The patch titled
Subject: libnvdimm/pfn: fix fsdax-mode namespace info-block zero-fields
has been removed from the -mm tree. Its filename was
libnvdimm-pfn-fix-fsdax-mode-namespace-info-block-zero-fields.patch
This patch was dropped because it was merged into mainline or a subsystem tree
------------------------------------------------------
From: Dan Williams <dan.j.williams(a)intel.com>
Subject: libnvdimm/pfn: fix fsdax-mode namespace info-block zero-fields
At namespace creation time there is the potential for the "expected to be
zero" fields of a 'pfn' info-block to be filled with indeterminate data.

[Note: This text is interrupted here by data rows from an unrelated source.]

Lemma marked_single n : marked n (fun j => if j == n%:Z then a1 else a0).
Proof.
apply/andP; split; first by rewrite eqxx.
apply/allP => j; rewrite mem_iota => jn.
by have -> : (j%:Z == n%:Z) = false by apply/eqP; lia.
Qed.

Definition mark_rule (n : nat) x : S := if marked n x then a1 else a0.

Lemma mark_rule_radius n : has_radius (n.*2).+1 (mark_rule n).
Proof.
move=> x y xy; rewrite /mark_rule /marked xy; last by lia.
congr (if _ && _ then _ else _); apply: eq_in_all => j; rewrite mem_iota => jn.
by rewrite xy //; lia.
Qed.

Definition mark_detector d : Prop := exists n, forall x, rule d x = mark_rule n x.

(* Finitely many configurations cannot be marked everywhere: among the L+1
   positions L+1, ..., 2L+1 each of the L configurations is marked at most
   once, by sparseness. *)
Lemma avoid_marks (xs : list (conf S)) :
  exists n, forall x, List.In x xs -> ~~ marked n x.
Proof.
apply: NNPP => all_marked; pose L := length xs.
have hit n : exists k, (k < L)%N /\ marked n (List.nth k xs (fun _ => a0)).
  apply: NNPP => nohit; apply: all_marked; exists n => x.
  move=> /(List.In_nth _ _ (fun _ => a0)).
  move=> [k [/ltP kL xk]]; apply/negP => nx; apply: nohit; exists k.
  by rewrite xk.
have [g Hg] := ClassicalEpsilon.choice _ hit.
have g_inj : {in iota L.+1 L.+1 &, injective g}.
  move=> n m; rewrite !mem_iota => nL mL gnm.
  have := (Hg n).2; have := (Hg m).2; rewrite gnm => mm nn.
  case: (ltngtP n m) => // [nm|mn].
    by have := marked_sparse nn mm nm; lia.
  by have := marked_sparse mm nn mn; lia.
have := uniq_leq_size (s1 := map g (iota L.+1 L.+1)) (s2 := iota 0 L).
rewrite (map_inj_in_uniq g_inj) iota_uniq size_map !size_iota ltnn => contra.
suff : false by []; apply: contra => // k /mapP [n _ ->].
by rewrite mem_iota add0n; exact: (Hg n).1.
Qed.
Lemma sum_cycle_weight (A : {set T}) :
  \sum_(s | perm_on A s) cycle_weight y A s = #|A|`!%:R *: cycle_index N y #|A|.
Proof.
move Ak: #|A| => k; elim/ltn_ind: k A Ak => -[_ A /cards0_eq ->|k IH A Ak].
  rewrite cycle_index0 fact0 scale1r (eq_bigr (fun=> 1)) ?sumr_const ?card_perm ?cards0 //.
  move=> s _; apply: big_pred0 => C; apply/negbTE/andP => -[/imsetP[v _ ->]].
  by move/subsetP/(_ v (porbit_id s v)); rewrite inE.
have [x xA] : exists x, x \in A by apply/card_gt0P; rewrite Ak.
have kN : (k < N)%N by rewrite -Ak (leq_trans (max_card _)).
rewrite (sum_cycle_weight_porbit y xA).
under eq_bigr => P /[!inE] /andP[xP PA].
  have cardD : #|A :\: P| = (k.+1 - #|P|)%N by rewrite cardsD (setIidPr PA) Ak.
  have P0 : (0 < #|P|)%N by apply/card_gt0P; exists x.
  have lt : (k.+1 - #|P| < k.+1)%N by lia.
  rewrite card_cycle_perms // (IH _ lt _ cardD).
over.
rewrite (sum_subset_mem_card
  (fun j => y j *+ (j.-1)`! * ((k.+1 - j)`!%:R *: cycle_index N y (k.+1 - j)%N))) //.
have -> : #|A :\ x| = k by move: Ak; rewrite (cardsD1 x A) xA => -[].
under eq_bigr => j _.
  rewrite subSS natmul_mul_scale (bin_fact (leq_ord j)).
over.
by rewrite /= -scaler_sumr factS natrM mulrC -scalerA cycle_index_rec ?kN.
Qed.

End ExponentialFormula.

Section Shiftification.
Variable n : nat.
Hypothesis n_gt0 : (0 < n)%N.
Local Notation R := {mpoly rat[n]}.

Definition psum_shifted (k : nat) : R := if odd k then 2%:R *: psum n k else 0.

Lemma shiftify_psum k : (0 < k <= n)%N -> shiftify (psum n k) = psum_shifted k.
Proof.
move=> /andP[k0 kn]; have kl : (k.-1 < n)%N by lia.
rewrite /psum_shifted /shiftify /psum (insubT (fun i => i < n)%N kl) /=.
by rewrite comp_mpolyXU -tnth_nth tnth_mktuple /= -oddS prednK.
Qed.

Lemma shiftifyM (a b : R) : shiftify (a * b) = shiftify a * shiftify b.
Proof. exact: rmorphM. Qed.

Lemma invr_natmpoly (k : nat) : (k%:R : R)^-1 = k%:R^-1 *: 1.
Proof. by rewrite -[k%:R in LHS](rmorph_nat (in_alg R)) -fmorphV. Qed.

Definition cycle_var (k : nat) : R := (n.+1)%:R *: psum_shifted k.

Lemma shiftify_pf_term (s : 'S_n) :
  shiftify ((pf_char s)%:R * p_cyc s) = (n.+1)%:R^-1 *: cycle_weight cycle_var setT s.
Proof.
rewrite shiftifyM /shiftify rmorph_nat rmorph_prod.
rewrite (eq_bigr (fun C : {set 'I_n} => psum_shifted #|C|)) => [|C /imsetP[v _ ->]];
  last first.
  rewrite -shiftify_psum // lt0n card_porbit_neq0 /=.
  by rewrite (leq_trans (max_card _)) // card_ord.
rewrite /cycle_weight (eq_bigl (mem (porbits s))) => [|C]; last first.
  by rewrite subsetT andbT.
have cyc0 : (0 < #|porbits s|)%N.
  by apply/card_gt0P; exists (porbit s (Ordinal n_gt0)); apply: porbit_in_porbits.
rewrite /cycle_var scaler_prodl scalerA pf_charE // natrX.
rewrite -{2}(prednK cyc0) exprS mulKf ?pnatr_eq0 //.
by rewrite -mulr_algl -in_algE rmorphXn rmorph_nat.
Qed.

Lemma sum_cycle_weight_perms :
  \sum_(s : 'S_n) cycle_weight cycle_var setT s = n`!%:R *: cycle_index n cycle_var n.
Proof.
have := sum_cycle_weight cycle_var (eq_leq (card_ord n)) [set: 'I_n].
by rewrite cardsT card_ord => <-; apply: eq_bigl => s; apply/esym/subsetP => i; rewrite inE.
Qed.

Lemma SH_cycle_index : SH n = (n.+1)%:R^-1 *: cycle_index n cycle_var n.
Proof.
rewrite /SH /PF shiftifyM invr_natmpoly /shiftify comp_mpolyZ rmorph1 rmorph_sum.
rewrite (eq_bigr (fun s => (n.+1)%:R^-1 *: cycle_weight cycle_var setT s)) => [|s _];
  last by rewrite -shiftify_pf_term.
rewrite -scaler_sumr sum_cycle_weight_perms -scalerAl mul1r !scalerA.
by rewrite mulrAC mulVf ?mul1r // pnatr_eq0 -lt0n fact_gt0.
Qed.

Lemma pmonom_psum_shifted (m : {ffun 'I_n -> 'I_n.+1}) :
  pmonom psum_shifted m = if all_odd_parts m then 2%:R ^+ plen m *: p_lam m else 0.
Proof.
case: ifPn => [/forallP odd_m | /forallPn[i]].
  rewrite /p_lam -prodrXr -scaler_prod; apply: eq_bigr => i _.
  rewrite /psum_shifted; case: ifPn => [_|even_i]; first by rewrite exprZn.
  by have /implyP/(_ even_i)/eqP -> := odd_m i; rewrite !expr0 scale1r.
rewrite negb_imply => /andP[even_i mi]; rewrite /pmonom (bigD1 i) //=.
by rewrite /psum_shifted (negbTE even_i) expr0n (negbTE mi) mul0r.
Qed.
(* [arr l] is the row-array after round l of a run of the chopping procedure
   started from A* against B*; A_l := type_of (arr l). *)
Definition chopping_run (N : nat) (Astar Bstar : seq nat) (arr : nat -> seq nat) : Prop :=
  arr 0 = pad N Astar /\
  forall l, 1 <= l <= chopL N ->
    pass (chopP N %/ 2 ^ l) (pad N Bstar) 0 (arr l.-1) (arr l).

From Stdlib Require Import Reals Lia Lra.
From mathcomp Require Import all_boot zify.

Set Implicit Arguments.
Unset Strict Implicit.
Unset Printing Implicit Defensive.

(* Let s = P/2^l be the chunk size of round l.  Rounds 1..l use chunks of size
   at least s, so they only ever touch the indices with a_i* >= b_i* + s and the
   slots empty in both A* and B*, and on these they preserve the total surplus
   sum (a_i - b_i).  In round l each chop at i moves s <= a_i - b_i units to an
   empty slot, so the row-array moves in l1 by at most twice that surplus, and
   sorting into types does not increase l1 distance.  Since 2^l <= T/4 we have
   s >= 4N/T, and the hypothesis then gives a_i - b_i <= 4 (a_i + b_i) / T^c on
   every index with surplus at least s; summing yields 8N / T^c. *)

Definition absdiff (m n : nat) : nat := (m - n) + (n - m).

Lemma absdiffC m n : absdiff m n = absdiff n m.
Proof. by rewrite /absdiff addnC. Qed.

Lemma absdiffnn n : absdiff n n = 0.
Proof. by rewrite /absdiff subnn. Qed.

Lemma absdiff_triangle m n p : absdiff m p <= absdiff m n + absdiff n p.
Proof. rewrite /absdiff; lia. Qed.

Lemma absdiff_sum K (f g : nat -> nat) :
  absdiff (\sum_(k < K) f k) (\sum_(k < K) g k) <= \sum_(k < K) absdiff (f k) (g k).
Proof.
elim: K => [|K IH]; first by rewrite !big_ord0.
rewrite !big_ord_recr /=.
have split_add m n m' n' : absdiff (m + n) (m' + n') <= absdiff m m' + absdiff n n'.
  by rewrite /absdiff; lia.
by apply: leq_trans (split_add _ _ _ _) _; rewrite leq_add2r.
Qed.

Definition l1dist (K : nat) (x y : seq nat) : nat :=
  \sum_(i < K) absdiff (nth 0 x i) (nth 0 y i).

Lemma l1distC K x y : l1dist K x y = l1dist K y x.
Proof. by apply: eq_bigr => i _; rewrite absdiffC. Qed.

Lemma l1distxx K x : l1dist K x x = 0.
Proof. by rewrite /l1dist big1 // => i _; rewrite absdiffnn. Qed.

Lemma l1dist_triangle K x y z : l1dist K x z <= l1dist K x y + l1dist K y z.
Proof. rewrite /l1dist -big_split; apply: leq_sum => i _; exact: absdiff_triangle. Qed.

Lemma sum_set_nth (F : nat -> nat -> nat) (a : seq nat) p v K : p < K ->
  \sum_(i < K) F i (nth 0 (set_nth 0 a p v) i) + F p (nth 0 a p) =
  \sum_(i < K) F i (nth 0 a i) + F p v.
Proof.
move=> ltpK.
rewrite (bigD1 (Ordinal ltpK)) //= [in RHS](bigD1 (Ordinal ltpK)) //= nth_set_nth /= eqxx.
rewrite (eq_bigr (fun i : 'I_K => F i (nth 0 a i))); first by lia.
move=> i neq_ip; rewrite nth_set_nth /= ifN //.
Qed.

Lemma sum_geq_recl (f : nat -> nat) p K : p < K ->
  \sum_(i < K) (p <= i) * f i = f p + \sum_(i < K) (p < i) * f i.
Proof.
move=> ltpK; rewrite (bigD1 (Ordinal ltpK)) //= [in RHS](bigD1 (Ordinal ltpK)) //=.
rewrite leqnn ltnn mul1n mul0n add0n; congr (_ + _); apply: eq_bigr => i neq_ip.
rewrite leq_eqVlt (_ : (p == i :> nat) = false) //.
by apply/negbTE; apply: contra neq_ip => /eqP eq_pi; apply/eqP/val_inj.
Qed.

Lemma l1dist_set_nth K x p v : p < K ->
  l1dist K x (set_nth 0 x p v) = absdiff (nth 0 x p) v.
Proof.
move=> ltpK; have := sum_set_nth (fun i y => absdiff (nth 0 x i) y) x v ltpK.
by rewrite /= absdiffnn addn0 -/(l1dist K x _) -/(l1dist K x x) l1distxx.
Qed.

Lemma sum_nth_leq_sumn x K : \sum_(k < K) nth 0 x k <= sumn x.
Proof.
elim: x K => [|z x IH] [|K]; rewrite ?big_ord0 //.
  by rewrite big1 // => k _; rewrite nth_nil.
by rewrite big_ord_recl leq_add2l.
Qed.

Lemma nth_leq_sumn x k : nth 0 x k <= sumn x.
Proof.
elim: x k => [|z x IH] [|k] /=; rewrite ?nth_nil ?leq_addr //.
exact: leq_trans (IH k) (leq_addl _ _).
Qed.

While the kernel buffer is zeroed on allocation it is immediately
overwritten by nd_pfn_validate() filling it with the current contents of
the on-media info-block location. For fields like, 'flags' and the
'padding' it potentially means that future implementations can not rely on
those fields being zero.
In preparation to stop using the 'start_pad' and 'end_trunc' fields for
section alignment, arrange for fields that are not explicitly initialized
to be guaranteed zero. Bump the minor version to indicate it is safe to
assume the 'padding' and 'flags' are zero. Otherwise, this corruption is
expected to benign since all other critical fields are explicitly
initialized.
Note The cc: stable is about spreading this new policy to as many kernels
as possible not fixing an issue in those kernels. It is not until the
change titled "libnvdimm/pfn: Stop padding pmem namespaces to section
alignment" where this improper initialization becomes a problem. So if
someone decides to backport "libnvdimm/pfn: Stop padding pmem namespaces
to section alignment" (which is not tagged for stable), make sure this
pre-requisite is flagged.
Link: http://lkml.kernel.org/r/156092356065.979959.6681003754765958296.stgit@dwil…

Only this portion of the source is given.